Evil isn't curable. It isn't rational. Sometimes it IS possible to apologize, forgive, change. Grace IS available. But at the same time, we will never purely eradicate evil. We need a bigger cure. Rationality, therapy, love, boundaries, discipline, good parenting, open tolerance: none of these solutions work as a CURE. You can go only so far, and then you've reached the edge of what you can do, and evil people remain unchanged.
I KNOW this. In my heart, I know it. And the more I learn of Christ and the more I read my Bible, I see it too. We are selfish. Sometimes, when I justify others' actions as "a bad decision but they'll do better next time," I'm actually justifying the times when I've been selfish but don't want to admit it. "It's a result of XYZ; if I had ABC, I could fix it. Oh well. For now, I'm sorry. I'll try not to do it again, but you know how it is. I can't help it because I'm damaged..."

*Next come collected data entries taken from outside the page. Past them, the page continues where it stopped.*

(* Let $\mathsf A_1,\dots,\mathsf A_n$ be incompatible observables on a finite-dimensional Hilbert space with $m_1,\dots,m_n$ outcomes respectively. Then $$\chi_{incomp}(\mathsf A_1,\dots,\mathsf A_n)\le\sum_{j=1}^nm_j-n+1.$$
   Context: Observables are POVMs with finitely many outcomes on a $d$-dimensional Hilbert space; $\mathcal S$ is its set of density operators. Observables are compatible if there is a joint observable $\mathsf G$ on the product outcome set whose marginals $\sum_{x_l,l\neq j}\mathsf G(x_1,\dots,x_n)$ equal $\mathsf A_j(x_j)$; otherwise incompatible. For $\mathcal S_0\subset\mathcal S$ they are $\mathcal S_0$-compatible if there are compatible observables $\mathsf A'_j$ (same outcome sets) with $\mathrm{Tr}[\varrho\mathsf A'_j(x)]=\mathrm{Tr}[\varrho\mathsf A_j(x)]$ for all $j,x$ and $\varrho\in\mathcal S_0$; otherwise $\mathcal S_0$-incompatible. $\chi_{incomp}(\mathsf A_1,\dots,\mathsf A_n)=\min\{\dim\mathrm{aff}\mathcal S_0+1:\mathcal S_0\subset\mathcal S,\ \mathsf A_1,\dots,\mathsf A_n\ \mathcal S_0\text{-incompatible}\}$. *)

From HB Require Import structures.
From mathcomp Require Import all_boot all_order all_algebra.
From mathcomp Require Import Rstruct complex.
From Stdlib Require Import Reals.

Set Implicit Arguments.
Unset Strict Implicit.
Unset Printing Implicit Defensive.

Import Order.TTheory GRing.Theory Num.Theory.
Local Open Scope ring_scope.

Definition C : numClosedFieldType := Rdefinitions.R[i].

Definition adj_mx (m n : nat) (A : 'M[C]_(m, n)) : 'M[C]_(n, m) :=
  (map_mx (fun z : C => z^*) A)^T.

Definition psd (d : nat) (A : 'M[C]_d) : Prop :=
  adj_mx A = A /\ forall v : 'cV[C]_d, 0 <= (adj_mx v *m A *m v) 0 0.

Definition density (d : nat) (rho : 'M[C]_d) : Prop :=
  psd rho /\ \tr rho = 1.

Definition observable (d m : nat) (A : 'I_m -> 'M[C]_d) : Prop :=
  (forall x, psd (A x)) /\ \sum_(x < m) A x = 1%:M.

Definition outcomes (n : nat) (m : 'I_n -> nat) :=
  {dffun forall j : 'I_n, 'I_(m j)}.

Definition compatible (d n : nat) (m : 'I_n -> nat)
    (A : forall j : 'I_n, 'I_(m j) -> 'M[C]_d) : Prop :=
  exists G : outcomes m -> 'M[C]_d,
    (forall x, psd (G x)) /\ \sum_(x : outcomes m) G x = 1%:M /\
    forall (j : 'I_n) (k : 'I_(m j)),
      \sum_(x : outcomes m | x j == k) G x = A j k.

Definition S0_compatible (d n : nat) (m : 'I_n -> nat)
    (S0 : 'M[C]_d -> Prop) (A : forall j : 'I_n, 'I_(m j) -> 'M[C]_d) : Prop :=
  exists A' : forall j : 'I_n, 'I_(m j) -> 'M[C]_d,
    (forall j, observable (A' j)) /\ compatible A' /\
    forall (j : 'I_n) (x : 'I_(m j)) (rho : 'M[C]_d), S0 rho ->
      \tr (rho *m A' j x) = \tr (rho *m A j x).

(* [span_dim V k]: the linear span of the set V of vectors (a subspace of
   'rV_N, represented as a square matrix up to row-space equality) has
   dimension k; U is the smallest subspace containing V. *)
Definition span_dim (N : nat) (V : 'rV[C]_N -> Prop) (k : nat) : Prop :=
  exists U : 'M[C]_N,
    \rank U = k /\ (forall v, V v -> (v <= U)%MS) /\
    forall U' : 'M[C]_N, (forall v, V v -> (v <= U')%MS) -> (U <= U')%MS.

Maybe the truth is that I know I'm not strong enough. I know I can't defeat what's in me. So I rationalize and I give excuses. Because a part of me truly does want to be better. Another part of me wants, well, what I want. They're not necessarily bad things, either. Most of the things we want can be good things in the right context--love, acceptance, friends, fun, sex, happiness, beauty, knowledge, thrills--but that only gives us more of an excuse to justify the way we pursue these things selfishly and without regard (or with only partial regard, which is not enough) for the way it will affect others.
The state of affairs in the world is desperate. We will never progress far enough, be enlightened enough, know enough, learn enough, educate enough...to solve all our problems. There will always be more problems. There will be more evil around every corner.
It is precisely the desperate nature of the world that leads me to my greatest joy. We CAN'T cure this. We need a bigger cure. I'm not the first person to say these things: Jesus said them. This is the whole long story of the Bible. People who messed up on purpose and people who messed up when they wanted to do the right thing--honestly, I'm not sure which is more depressing, but both of those people are inside each one of us. We have to fess up to this, or else we will spend our lives pursuing solutions that aren't good enough.
I want to believe in grace so desperately--in forgiveness, in pardons, in change, in justice--because I was programmed to want them. God made us originally as just and beautiful and perfect. I want to believe in grace and forgiveness and change because somewhere deep inside it's what my soul is crying out for.
This is the thirst that Jesus quenches. I want to be forgiven. I want to be changed. In Christ, I have that. And it's not hard work or trying to get somewhere. He conquers the evil inside. The evil that would always be there...He is the bigger cure. He starts me on a journey to a new kingdom. On the way, I will mess up, and He will forgive me, and help me move forward with progress that wasn't possible before, without Him. But with his help, I'll arrive there: the new kingdom that lives not under a reign of tyranny or evil, but under a reign of grace.